I have measured the worldwide effect of the land cycle on selected capitalist economies in a recent book, The Chaos Makers (Othila Press, 1997), written in collaboration with Fred Harrison. It compares the annual ratios of land-value fluctuations with the parallel fluctuations of the corresponding figures for GNP in all the sampled economies. These ratios imply the existence of dramatic fluctuations in investment in all cases, sometimes resulting in large swings towards land speculation at the expense of industry and commerce and at other times in similar swings towards productive industry at the expense of land values.

Such swings act as a barometer for the prediction of booms and slumps because they reveal crisis points emerging periodically as gross imbalances in investment trends. Moreover, the swings towards higher land prices are accompanied by rises in interest rates, because they occur at a phase in the cycle in which profits from prolonged speculative dealings in land become widespread. The reason for this is that speculative land-fever leads to an increased demand for speculative investment capital to fuel it, thereby depriving the entrepreneur of reasonably-priced development capital. As a result, capitalist economies periodically decline into deep recessions, through a relative lack of productive demand. This demand is replaced by a plethora of passive demand bidding up the value of real estate.

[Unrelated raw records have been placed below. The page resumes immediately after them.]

Record precat := PreCat {
  Obj :> Type;
  Hom : Obj -> Obj -> zmodType;
  idm : forall X, Hom X X;
  comp : forall X Y Z, Hom Y Z -> Hom X Y -> Hom X Z;
  compA : forall X Y Z W (h : Hom Z W) (g : Hom Y Z) (f : Hom X Y),
      comp h (comp g f) = comp (comp h g) f;
  comp1m : forall X Y (f : Hom X Y), comp (idm Y) f = f;
  compm1 : forall X Y (f : Hom X Y), comp f (idm X) = f;
  compDl : forall X Y Z (g1 g2 : Hom Y Z) (f : Hom X Y),
      comp (g1 + g2) f = comp g1 f + comp g2 f;
  compDr : forall X Y Z (g : Hom Y Z) (f1 f2 : Hom X Y),
      comp g (f1 + f2) = comp g f1 + comp g f2;
  (* a chosen zero object (exists in any abelian category) *)
  zobj : Obj;
  zobjP : idm zobj = 0
}.
Arguments idm {p}.
Arguments comp {p X Y Z}.
Arguments zobj {p}.
Notation "g \oc f" := (comp g f) (at level 40, left associativity).

Section Cat.
Variable C : precat.
Implicit Types X Y Z : C.

Definition is_zero X := idm X = 0 :> Hom X X.
Definition mono X Y (f : Hom X Y) :=
  forall Z (g : Hom Z X), f \oc g = 0 -> g = 0.
Definition epi X Y (f : Hom X Y) :=
  forall Z (g : Hom Y Z), g \oc f = 0 -> g = 0.
Definition iso X Y (f : Hom X Y) :=
  exists g : Hom Y X, g \oc f = idm X /\ f \oc g = idm Y.
Definition is_kernel X Y K (f : Hom X Y) (k : Hom K X) :=
  f \oc k = 0 /\
  forall Z (g : Hom Z X), f \oc g = 0 -> exists! h : Hom Z K, k \oc h = g.
Definition is_cokernel X Y Q (f : Hom X Y) (c : Hom Y Q) :=
  c \oc f = 0 /\
  forall Z (g : Hom Y Z), g \oc f = 0 -> exists! h : Hom Q Z, h \oc c = g.
Definition is_biproduct X1 X2 P (i1 : Hom X1 P) (i2 : Hom X2 P)
    (p1 : Hom P X1) (p2 : Hom P X2) :=
  [/\ p1 \oc i1 = idm X1, p2 \oc i2 = idm X2, p1 \oc i2 = 0, p2 \oc i1 = 0
    & i1 \oc p1 + i2 \oc p2 = idm P].

Definition abelian : Prop :=
  [/\ (forall X1 X2, exists P (i1 : Hom X1 P) (i2 : Hom X2 P) p1 p2,
          is_biproduct i1 i2 p1 p2),
      (forall X Y (f : Hom X Y), exists K (k : Hom K X), is_kernel f k),
      (forall X Y (f : Hom X Y), exists Q (c : Hom Y Q), is_cokernel f c),
      (forall X Y (f : Hom X Y), mono f ->
          exists Q (g : Hom Y Q), is_kernel g f)
    & (forall X Y (f : Hom X Y), epi f ->
          exists K (g : Hom K X), is_cokernel g f)].

Definition simple X :=
  ~ is_zero X /\ forall Y (m : Hom Y X), mono m -> is_zero Y \/ iso m.
Definition indecomposable X :=
  ~ is_zero X /\
  forall X1 X2 (i1 : Hom X1 X) (i2 : Hom X2 X) p1 p2,
    is_biproduct i1 i2 p1 p2 -> is_zero X1 \/ is_zero X2.

Definition has_finite_length X :=
  exists (n : nat) (obj : nat -> C) (m : forall i, Hom (obj i) (obj i.+1))
         (e : Hom (obj n) X),
    [/\ iso e, is_zero (obj 0%N) &
        forall i, (i < n)%N ->
          mono (m i) /\
          exists Q (c : Hom (obj i.+1) Q), is_cokernel (m i) c /\ simple Q].
Definition finite_length := forall X, has_finite_length X.

Definition split_epi X Y (f : Hom X Y) := exists s : Hom Y X, f \oc s = idm Y.
Definition almost_split_right B Y (d : Hom B Y) :=
  ~ split_epi d /\
  forall Z (phi : Hom Z Y), ~ split_epi phi -> exists g : Hom Z B, d \oc g = phi.

End Cat.

Section CatA.
Variable C : precat.

(* a complex [c2 --cf--> c1 --cd--> c0] in degrees -2,-1,0 *)
Record cx := Cx { c2 : C; c1 : C; c0 : C; cf : Hom c2 c1; cd : Hom c1 c0 }.

Definition inA (X : cx) :=
  [/\ cd X \oc cf X = 0, mono (cf X) &
      forall Z (g : Hom Z (c1 X)), cd X \oc g = 0 ->
        exists h : Hom Z (c2 X), cf X \oc h = g].

Implicit Types X Y Z : cx.
Record tri (X Y : cx) := Tri {
  ma : Hom (c2 X) (c2 Y); mb : Hom (c1 X) (c1 Y); mc : Hom (c0 X) (c0 Y) }.

Definition is_cmap X Y (u : tri X Y) :=
  cf Y \oc ma u = mb u \oc cf X /\ cd Y \oc mb u = mc u \oc cd X.

Definition tcomp X Y Z (v : tri Y Z) (u : tri X Y) : tri X Z :=
  Tri (ma v \oc ma u) (mb v \oc mb u) (mc v \oc mc u).
Definition tid X : tri X X := Tri (idm _) (idm _) (idm _).

Definition htp X Y (u v : tri X Y) :=
  exists (h1 : Hom (c1 X) (c2 Y)) (h0 : Hom (c0 X) (c1 Y)),
    [/\ ma u - ma v = h1 \oc cf X,
        mb u - mb v = cf Y \oc h1 + h0 \oc cd X &
        mc u - mc v = cd Y \oc h0].
Definition tzero X Y : tri X Y := Tri 0 0 0.

Definition zeroA X := htp (tid X) (tzero X X).
Definition monoA X Y (u : tri X Y) :=
  forall Z, inA Z -> forall v : tri Z X, is_cmap v ->
    htp (tcomp u v) (tzero Z Y) -> htp v (tzero Z X).
Definition epiA X Y (u : tri X Y) :=
  forall Z, inA Z -> forall v : tri Y Z, is_cmap v ->
    htp (tcomp v u) (tzero X Z) -> htp v (tzero Y Z).
Definition isoA X Y (u : tri X Y) :=
  exists v : tri Y X, is_cmap v /\
    htp (tcomp v u) (tid X) /\ htp (tcomp u v) (tid Y).
Definition simpleA X :=
  ~ zeroA X /\
  forall Y, inA Y -> forall u : tri Y X, is_cmap u -> monoA u ->
    zeroA Y \/ isoA u.
Lemma perm_eq_beta_cobeta :
  perm_eq ([seq beta mu i | i <- iota d (n - d)] ++ [seq cobeta mu j | j <- iota 0 d])
          (iota 0 n).
Proof.
have le_dn := part_rank_le_size mu.
have mem_beta i : i \in iota d (n - d) = (d <= i < n)%N by rewrite mem_iota subnKC.
have mem_cobeta j : j \in iota 0 d = (j < d)%N by rewrite mem_iota.
set s := _ ++ _.
have s_sub : {subset s <= iota 0 n}.
  move=> x; rewrite mem_cat mem_iota add0n.
  case/orP=> /mapP [k]; rewrite ?mem_beta ?mem_cobeta.
    by case/andP=> leid ltin ->; have := ge_rank_nth leid ltin; rewrite /beta; lia.
  by move=> ltkd ->; rewrite /cobeta; lia.
have s_uniq : uniq s.
  rewrite cat_uniq; apply/and3P; split.
  - apply: uniq_map_iota => i j; rewrite !mem_beta => /andP [_ ltin] /andP [_ ltjn] ltij.
    by rewrite neq_ltn (ltn_beta ltij ltjn) orbT.
  - apply/hasPn => x /mapP [j]; rewrite mem_cobeta => ltjd ->.
    apply/mapP=> [[i]]; rewrite mem_beta => /andP [leid ltin] eq_x.
    by move: (beta_neq_cobeta leid ltin ltjd); rewrite -eq_x eqxx.
  - apply: uniq_map_iota => i j; rewrite !mem_cobeta => ltid ltjd ltij.
    have := ltn_frob_t ltij ltjd; have := frob_t_lt_size ltid.
    by rewrite /cobeta => ? ?; apply/negP => /eqP; lia.
have s_size : (size (iota 0 n) <= size s)%N.
  by rewrite size_cat !size_map !size_iota subnK.
have [_ s_eq] := uniq_min_size s_uniq s_sub s_size.
exact: uniq_perm s_uniq (iota_uniq 0 n) s_eq.
Qed.

End FrobeniusCoordinates.

Lemma hook_sorted s t : sorted geq (hook s t).
Proof. by rewrite /hook /=; case: t => //= t; elim: t. Qed.

Lemma part_rank_hook s t : part_rank (hook s t) = 1%N.
Proof.
rewrite /part_rank /= size_nseq /= (@eq_in_count _ _ pred0) ?count_pred0 // => i.
by rewrite mem_iota; case: i => [|[|i]] //= _; rewrite nth_nseq; case: ifP.
Qed.

Lemma frob_s_hook s t : frob_s (hook s t) 0 = s.
Proof. by rewrite /frob_s subn1. Qed.

Lemma frob_t_hook s t : frob_t (hook s t) 0 = t.
Proof. by rewrite /frob_t /conj_part /= count_nseq mul1n add1n subn1. Qed.

Definition Delta (R : pzRingType) (f : nat -> R) (a b : nat) : R :=
  \prod_(a <= i < b) \prod_(i.+1 <= j < b) (f i - f j).

Section Vandermonde.

Variable R : comPzRingType.

Lemma Delta_recl (f : nat -> R) n :
  Delta f 0 n.+1 = (\prod_(0 <= j < n) (f 0%N - f j.+1)) * Delta (fun i => f i.+1) 0 n.
Proof.
rewrite /Delta big_nat_recl // big_add1; congr (_ * _).
by apply: eq_big_nat => i _; rewrite big_add1.
Qed.

Lemma Delta_ord (f : nat -> R) n :
  Delta f 0 n = \prod_(i < n) \prod_(j < n | (i < j)%N) (f i - f j).
Proof. by rewrite /Delta big_mkord; apply: eq_bigr => i _; rewrite big_geq_mkord. Qed.

Lemma Delta_rev (f : nat -> R) n :
  \prod_(i < n) \prod_(j < n | (i < j)%N) (f (rev_ord j) - f (rev_ord i)) = Delta f 0 n.
Proof.
have lt_rev (i j : 'I_n) : (rev_ord i < rev_ord j)%N = (j < i)%N.
  by rewrite /=; have := ltn_ord i; have := ltn_ord j; lia.
rewrite Delta_ord (reindex_inj rev_ord_inj).
under eq_bigr => i _ do rewrite (reindex_inj rev_ord_inj) !rev_ordK.
under eq_bigr => i _ do under eq_bigl => j do rewrite lt_rev.
rewrite (exchange_big_dep xpredT) //=.
by apply: eq_bigr => i _; apply: eq_bigr => j _; congr (f _ - _); have := ltn_ord i; lia.
Qed.

Lemma det_diag_row n (f : nat -> R) :
  \det (diag_mx (\row_(i < n) f i)) = \prod_(0 <= i < n) f i.
Proof. by rewrite det_diag big_mkord; apply: eq_bigr => i _; rewrite mxE. Qed.

Lemma det_rev_ord n (A : 'M[R]_n) :
  \det (\matrix_(i, j) A (rev_ord i) (rev_ord j)) = \det A.
Proof.
pose s : 'S_n := perm rev_ord_inj.
have -> : \matrix_(i, j) A (rev_ord i) (rev_ord j) = row_perm s (col_perm s A).
  by apply/matrixP => i j; rewrite !mxE !permE.
rewrite row_permE col_permE !det_mulmx !det_perm odd_permV mulrA mulrC mulrA.
by rewrite -signr_addb addbb mul1r.
Qed.

End Vandermonde.

Section FallingFactorialVandermonde.

Variable R : comNzRingType.

Lemma det_monic_vandermonde n (b : 'I_n -> R) (p : nat -> {poly R}) :
  (forall j, p j \is monic) -> (forall j, size (p j) = j.+1) ->
  \det (\matrix_(i, j) (p j).[b i] : 'M[R]_n) = \det (\matrix_(i < n, j < n) b i ^+ j).
Proof.
move=> p_monic size_p; pose C := \matrix_(k < n, j < n) (p j)`_k.
have -> : \matrix_(i, j) (p j).[b i] = \matrix_(i < n, k < n) b i ^+ k *m C.
  apply/matrixP => i j; rewrite !mxE (horner_coef_wide _ (n := n)) ?size_p //.
  by apply: eq_bigr => k _; rewrite !mxE mulrC.
rewrite det_mulmx; suff -> : \det C = 1 by rewrite mulr1.
rewrite -det_tr det_trig; last first.
  by apply/is_trig_mxP => i j ltij; rewrite !mxE nth_default // size_p.
by apply: big1 => i _; rewrite !mxE -(monicP (p_monic i)) /lead_coef size_p.
Qed.
(* Let $q(w)=w^4$, $r_1=1$, $r_2=e^{2i\pi/3}$, $r_3=e^{4i\pi/3}$, and let $R>0$. There exist $0<\lambda<1$, $\epsilon_0>0$, $l_0\ge1$ and, for each $i\in\{1,2,3\}$, a family $(U_i^l)_{l\ge l_0}$ of neighborhoods of $r_i$ whose diameters converge exponentially fast to $0$ as $l\to\infty$, such that for each $l\ge l_0$ and each $\alpha\in\mathbb{C}^*$ the map $g_\alpha(z,w):=(\lambda z+\alpha w,q^l(w))$ satisfies $$\overline{(\alpha\epsilon_0^{-1}\mathbb{D})\times(R\mathbb{D}\setminus R^{-1}\mathbb{D})}\subset g_\alpha\Big((\alpha\epsilon_0^{-1}\mathbb{D})\times\textstyle\bigcup_{i=1}^3U_i^l\Big).$$
   Context: $\mathbb{D}$ is the unit disc; $tE=\{tz:z\in E\}$ for $t\in\mathbb{C}^*$, so $\alpha\epsilon_0^{-1}\mathbb{D}$ is the disc of radius $|\alpha|/\epsilon_0$ centered at $0$. *)

From Stdlib Require Import Reals.
From Coquelicot Require Import Coquelicot.
Open Scope R_scope.

Definition q (w : C) : C := (w * w * w * w)%C.

Definition qiter (l : nat) (w : C) : C := Nat.iter l q w.

Definition root3 (i : nat) : C :=
  (cos (2 * PI * INR (i - 1) / 3), sin (2 * PI * INR (i - 1) / 3)).

Definition g_map (lam : R) (alpha : C) (l : nat) (p : C * C) : C * C :=
  ((RtoC lam * fst p + alpha * snd p)%C, qiter l (snd p)).

Definition cdisc (rho : R) : C -> Prop := fun z => Cmod z < rho.

Definition closure2 (S : C * C -> Prop) : C * C -> Prop :=
  fun p => forall eps : R, 0 < eps -> exists p', S p' /\
    Cmod (fst p - fst p') < eps /\ Cmod (snd p - snd p') < eps.

From Stdlib Require Import Reals Lra Lia ZArith.
From Coquelicot Require Import Coquelicot.
Open Scope R_scope.

(* Write p = (p1, p2) and v = p1 / alpha, so that |v| <= 1 / eps0 = 4.  One of the
   cube roots of unity, r_i, makes an angle at most pi/3 with v, hence
   |v - r_i|^2 <= |v|^2 - |v| + 1 <= 13.  In polar coordinates, every p2 in the closed
   annulus has a 4^l-th root w of modulus |p2|^(4^-l) = 1 + O(4^-l) whose argument
   exceeds that of r_i by at most 2 pi / 4^l; so U_i^l can be the closed disc of radius
   O(4^-l) about r_i.  Then z = (p1 - alpha w) / lam has |z| = |alpha| |v - w| / lam,
   which is below 4 |alpha| as soon as lam is close to 1 and 4^-l is small. *)

Definition cis (a : R) : C := (cos a, sin a).

Lemma Cmod_sq z : Cmod z ^ 2 = fst z ^ 2 + snd z ^ 2.
Proof. unfold Cmod. rewrite pow2_sqrt; [reflexivity | nra]. Qed.

Lemma Cmod_cis a : Cmod (cis a) = 1.
Proof.
  unfold Cmod, cis; simpl fst; simpl snd. rewrite <- sqrt_1. f_equal.
  pose proof (sin2_cos2 a). unfold Rsqr in *. nra.
Qed.

Lemma polar_mult s t a b :
  (RtoC s * cis a * (RtoC t * cis b) = RtoC (s * t) * cis (a + b))%C.
Proof.
  unfold cis, RtoC, Cmult; simpl. rewrite cos_plus, sin_plus.
  apply injective_projections; simpl; ring.
Qed.
Lemma max1_horner_upper_ultra (hna : nonarchimedean abs) y :
  Num.max 1 (abs p.[y])
    <= \big[Num.max/1]_(i < d.+1) abs p`_i * Num.max 1 (abs y) ^+ d.
Proof.
set C := \big[Num.max/1]_(i < d.+1) _.
have C1 : 1 <= C by apply: bigmax_ge_id.
have m1 : 1 <= Num.max 1 (abs y) ^+ d by rewrite exprn_ege1 // le_max lexx.
rewrite ge_max mulr_ege1 //= horner_coef size_p.
elim/big_rec: _ => [|i s _ IHs]; first by rewrite abs0 // mulr_ge0 ?(le_trans ler01).
apply: le_trans (hna _ _) _; rewrite ge_max IHs andbT.
apply: le_trans (abs_monomial_le habs _ _ (ltnSE (ltn_ord i))) _.
rewrite ler_wpM2r ?(le_trans ler01 m1) //.
by apply: (le_bigmax_seq _ _ xpredT) => //; exact: mem_index_enum.
Qed.

Lemma max1_horner_upper (y : F) :
  Num.max 1 (abs p.[y])
    <= Num.max 1 (\sum_(i < d.+1) abs p`_i) * Num.max 1 (abs y) ^+ d.
Proof.
have m1 : 1 <= Num.max 1 (abs y) ^+ d by rewrite exprn_ege1 // le_max lexx.
have abs_horner : abs p.[y] <= (\sum_(i < d.+1) abs p`_i) * Num.max 1 (abs y) ^+ d.
  rewrite horner_coef size_p mulr_suml.
  elim/big_rec2: _ => [|i s1 s2 _ IHs]; first by rewrite abs0.
  apply: le_trans (ler_absD habs _ _) _; rewrite lerD //.
  by apply: (abs_monomial_le habs); rewrite -ltnS.
rewrite ge_max mulr_ege1 ?le_max ?lexx //=; apply: le_trans abs_horner _.
by rewrite ler_wpM2r ?(le_trans ler01 m1) // le_max lexx orbT.
Qed.

End HornerUpperBound.

Section FactoredLowerBound.
Variables (F : fieldType) (R : realType) (abs : F -> R).
Hypothesis habs : is_absval abs.
Variables (p : {poly F}) (d : nat) (b : F) (rs : seq F).
Hypotheses (d_gt0 : (0 < d)%N) (b_neq0 : b != 0) (size_rs : size rs = d)
  (horner_p : forall y, p.[y] = b * \prod_(r <- rs) (y - r)).

Let A := \big[Num.max/0]_(r <- rs) abs r.
Let B := powR (abs b) (- (d%:R)^-1).

Let A_ge0 : 0 <= A. Proof. exact: bigmax_ge_id. Qed.
Let abs_root_le r : r \in rs -> abs r <= A.
Proof. by move=> r_rs; apply: (le_bigmax_seq _ _ xpredT). Qed.
Let abs_b_gt0 : 0 < abs b. Proof. exact: abs_gt0. Qed.
Let B_gt0 : 0 < B. Proof. exact: powR_gt0. Qed.

Let abs_b_B : abs b * B ^+ d = 1.
Proof.
have d_neq0 : (d%:R : R) != 0 by rewrite pnatr_eq0 -lt0n.
have -> : B ^+ d = (abs b)^-1.
  by rewrite -powR_mulrn ?powR_ge0 // -powRrM mulNr mulVf // powR_inv1 ?(abs_ge0 habs).
by rewrite mulfV // gt_eqF.
Qed.

Lemma abs_horner_factored_ge y E :
  0 <= E -> (forall r, r \in rs -> E <= abs (y - r)) ->
  abs b * E ^+ d <= abs p.[y].
Proof.
move=> E0 E_le; rewrite horner_p (absM habs) (abs_prod habs).
rewrite ler_wpM2l ?(abs_ge0 habs) // -size_rs.
elim: rs E_le => [|r s IHs] E_le; first by rewrite big_nil.
rewrite big_cons exprS ler_pM ?exprn_ge0 ?E_le ?mem_head //.
by apply: IHs => r' r'_s; rewrite E_le // in_cons r'_s orbT.
Qed.

Lemma max1_horner_lower_of_far c : 1 <= c ->
  (forall y, c < abs y -> abs y ^+ d <= c ^+ d * abs p.[y]) ->
  forall y, Num.max 1 (abs y) ^+ d <= c ^+ d * Num.max 1 (abs p.[y]).
Proof.
move=> c1 far y; have c0 : 0 <= c by apply: le_trans c1.
have max1_ge1 (t : R) : 1 <= Num.max 1 t by rewrite le_max lexx.
have [y_le_c | c_lt_y] := leP (abs y) c.
  apply: le_trans (ler_peMr (exprn_ge0 _ c0) (max1_ge1 _)).
  by rewrite lerXn2r ?nnegrE ?(le_trans ler01 (max1_ge1 _)) // ge_max c1.
have -> : Num.max 1 (abs y) = abs y by rewrite max_r // (le_trans c1) // ltW.
apply: le_trans (far y c_lt_y) _.
by rewrite ler_wpM2l ?exprn_ge0 // le_max lexx orbT.
Qed.

Lemma max1_horner_lower_ultra (hna : nonarchimedean abs) y :
  Num.max 1 (abs y) ^+ d <= Num.max 1 (Num.max A B) ^+ d * Num.max 1 (abs p.[y]).
Proof.
set c := Num.max 1 (Num.max A B).
apply: max1_horner_lower_of_far => [|{}y c_lt_y]; first by rewrite le_max lexx.
have [A_le_c B_le_c] : A <= c /\ B <= c by rewrite !le_max !lexx !orbT.
have far_roots r : r \in rs -> abs y <= abs (y - r).
  move=> r_rs; apply: abs_sub_ultra => //.
  exact: le_lt_trans (abs_root_le r_rs) (le_lt_trans A_le_c c_lt_y).
apply: le_trans (_ : c ^+ d * (abs b * abs y ^+ d) <= _); last first.
  by rewrite ler_wpM2l ?exprn_ge0 ?abs_horner_factored_ge ?(abs_ge0 habs) //
       (le_trans ler01) // le_max lexx.
rewrite mulrCA -[X in X <= _]mul1r -abs_b_B -mulrA ler_wpM2l ?(abs_ge0 habs) //.
by rewrite ler_wpM2r ?exprn_ge0 ?(abs_ge0 habs) // lerXn2r ?nnegrE ?(ltW B_gt0) //
     (le_trans ler01) // le_max lexx.
Qed.

Lemma max1_horner_lower y :
  Num.max 1 (abs y) ^+ d <= Num.max 1 (A + B) ^+ d * Num.max 1 (abs p.[y]).
Proof.
set c := Num.max 1 (A + B).
apply: max1_horner_lower_of_far => [|{}y c_lt_y]; first by rewrite le_max lexx.
have AB_le_c : A + B <= c by rewrite le_max lexx orbT.
have far_roots r : r \in rs -> abs y - A <= abs (y - r).
  by move=> r_rs; apply: le_trans (ler_abs_sub habs y r); rewrite lerB // abs_root_le.
have c1 : 1 <= c by rewrite le_max lexx.
have A0 := A_ge0; have B0 := B_gt0.
have [c0 yA0] : 0 <= c /\ 0 <= abs y - A by split; lra.
have B_y_le : B * abs y <= c * (abs y - A).
  rewrite -subr_ge0 (_ : _ - _ = (abs y - c) * (c - B) + c * (c - B - A)); last by ring.
  by rewrite addr_ge0 ?mulr_ge0 //; lra.
apply: le_trans (_ : c ^+ d * (abs b * (abs y - A) ^+ d) <= _); last first.
  by rewrite ler_wpM2l ?exprn_ge0 ?abs_horner_factored_ge ?(abs_ge0 habs) //
       (le_trans ler01) // le_max lexx.
rewrite mulrCA -exprMn -[X in X <= _]mul1r -abs_b_B -mulrA -exprMn.
rewrite ler_wpM2l ?(abs_ge0 habs) //.
by rewrite lerXn2r ?nnegrE ?mulr_ge0 ?(ltW B_gt0) ?(abs_ge0 habs) // mulrC.
Qed.

End FactoredLowerBound.

Lemma size_conj_poly (F : fieldType) (f : {poly F}) (g : F) : g != 0 ->
  size (g *: (f \Po (g^-1 *: 'X))) = size f.
Proof.
move=> g0; rewrite size_scale // size_comp_poly2 // size_scale ?invr_eq0 //.
exact: size_polyX.
Qed.

Lemma iter_horner_conj (F : fieldType) (f : {poly F}) (g : F) n x : g != 0 ->
  iter n (fun y => (g *: (f \Po (g^-1 *: 'X))).[y]) (g * x)
    = g * iter n (fun y => f.[y]) x.
Proof.
move=> g0; elim: n => [|n /= ->] //.
by rewrite hornerZ horner_comp hornerZ hornerX mulKf.
Qed.

Section CanonicalHeight.
Variables (F : fieldType) (R : realType) (abs : F -> R).
Hypothesis habs : is_absval abs.
Variables (d : nat) (c C : R).
Hypotheses (c_gt0 : 0 < c) (C_gt0 : 0 < C).

Lemma loc_height_horner_bounds (p : {poly F}) y :
  Num.max 1 (abs p.[y]) <= C * Num.max 1 (abs y) ^+ d ->
  Num.max 1 (abs y) ^+ d <= c ^+ d * Num.max 1 (abs p.[y]) ->
  - (d%:R * ln c) <= loc_height abs p.[y] - d%:R * loc_height abs y <= ln C.
Proof.
have max1_gt0 (t : R) : 0 < Num.max 1 t by rewrite lt_max ltr01.
rewrite /loc_height; set P := Num.max 1 (abs p.[y]); set m := Num.max 1 (abs y).
move=> up low.
have ln_up : ln P <= ln C + ln (m ^+ d).
  by rewrite -lnM ?posrE ?exprn_gt0 ?max1_gt0 // ler_ln ?posrE ?mulr_gt0 ?exprn_gt0 ?max1_gt0.
have ln_low : ln (m ^+ d) <= ln (c ^+ d) + ln P.
  by rewrite -lnM ?posrE ?exprn_gt0 ?max1_gt0 // ler_ln ?posrE ?mulr_gt0 ?exprn_gt0 ?max1_gt0.
have lnX (t : R) : 0 < t -> ln (t ^+ d) = d%:R * ln t by move=> t0; rewrite lnXn // mulr_natl.
rewrite !lnX ?max1_gt0 // in ln_up ln_low.
by apply/andP; split; lra.
Qed.

Variables (f : {poly F}) (gamma : F).
Hypotheses (d_gt1 : (1 < d)%N) (size_f : size f = d.+1) (gamma_neq0 : gamma != 0).

Lemma can_height_bounds :
  let psi := gamma *: (f \Po (gamma^-1 *: 'X)) in
  (forall y, Num.max 1 (abs psi.[y]) <= C * Num.max 1 (abs y) ^+ d) ->
  (forall y, Num.max 1 (abs y) ^+ d <= c ^+ d * Num.max 1 (abs psi.[y])) ->
  forall x, - (d%:R * ln c) / (d%:R - 1)
              <= can_height abs f x - loc_height abs (gamma * x) <= ln C / (d%:R - 1).
Proof.
move=> psi up low x.
pose orbit_height n := loc_height abs (iter n (fun y => psi.[y]) (gamma * x)).
have step n : - (d%:R * ln c) <= orbit_height n.+1 - d%:R * orbit_height n <= ln C.
  exact: loc_height_horner_bounds.
have near_orbit n : `|loc_height abs (iter n (fun y => f.[y]) x) - orbit_height n|
    <= loc_height abs gamma + loc_height abs gamma^-1.
  rewrite /orbit_height iter_horner_conj // distrC; exact: loc_height_scale_dist.
have d_gt1R : (1 : R) < d%:R by rewrite ltr1n.
have := limn_scaled_bounds d_gt1R step near_orbit.
rewrite /can_height size_f /orbit_height /= !mulNr => /andP[lo hi].
by apply/andP; split; lra.
Qed.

By means of catastrophe theory (a mathematical method of delineating discontinuous processes) it can be demonstrated that these swings are inevitable unless an annual land-tax is applied as a type of governor to control the economic machine. Figure 2 compares the ratios of gross land-values for mainland UK with GNP. In interpreting it, one should, however, bear in mind that both booms and slumps are regarded as catastrophes since they are equally disruptive.

The additional parameter of a tax on the full annual economic values of land spread over the entire economy in these situations would according to the prescriptions of catastrophe theory rapidly restore the normal equilibrium between land and entrepreneurial investment and pave the way for a progressive economic system to emerge. Such a tax would thus have eliminated in the present instance the prolonged slump of the early nineties. Furthermore, if the tax were permanently levied as a principal feature of fiscal policy, it would ensure that the economy would no longer be troubled by slumps. It would undergo only the relatively minor dislocations occurring when major new techniques, such as the computer revolution, appear on the market and replace preceding technologies. However, after a short period of re-adjustment these innovations tend to produce far more jobs than those that have previously been lost.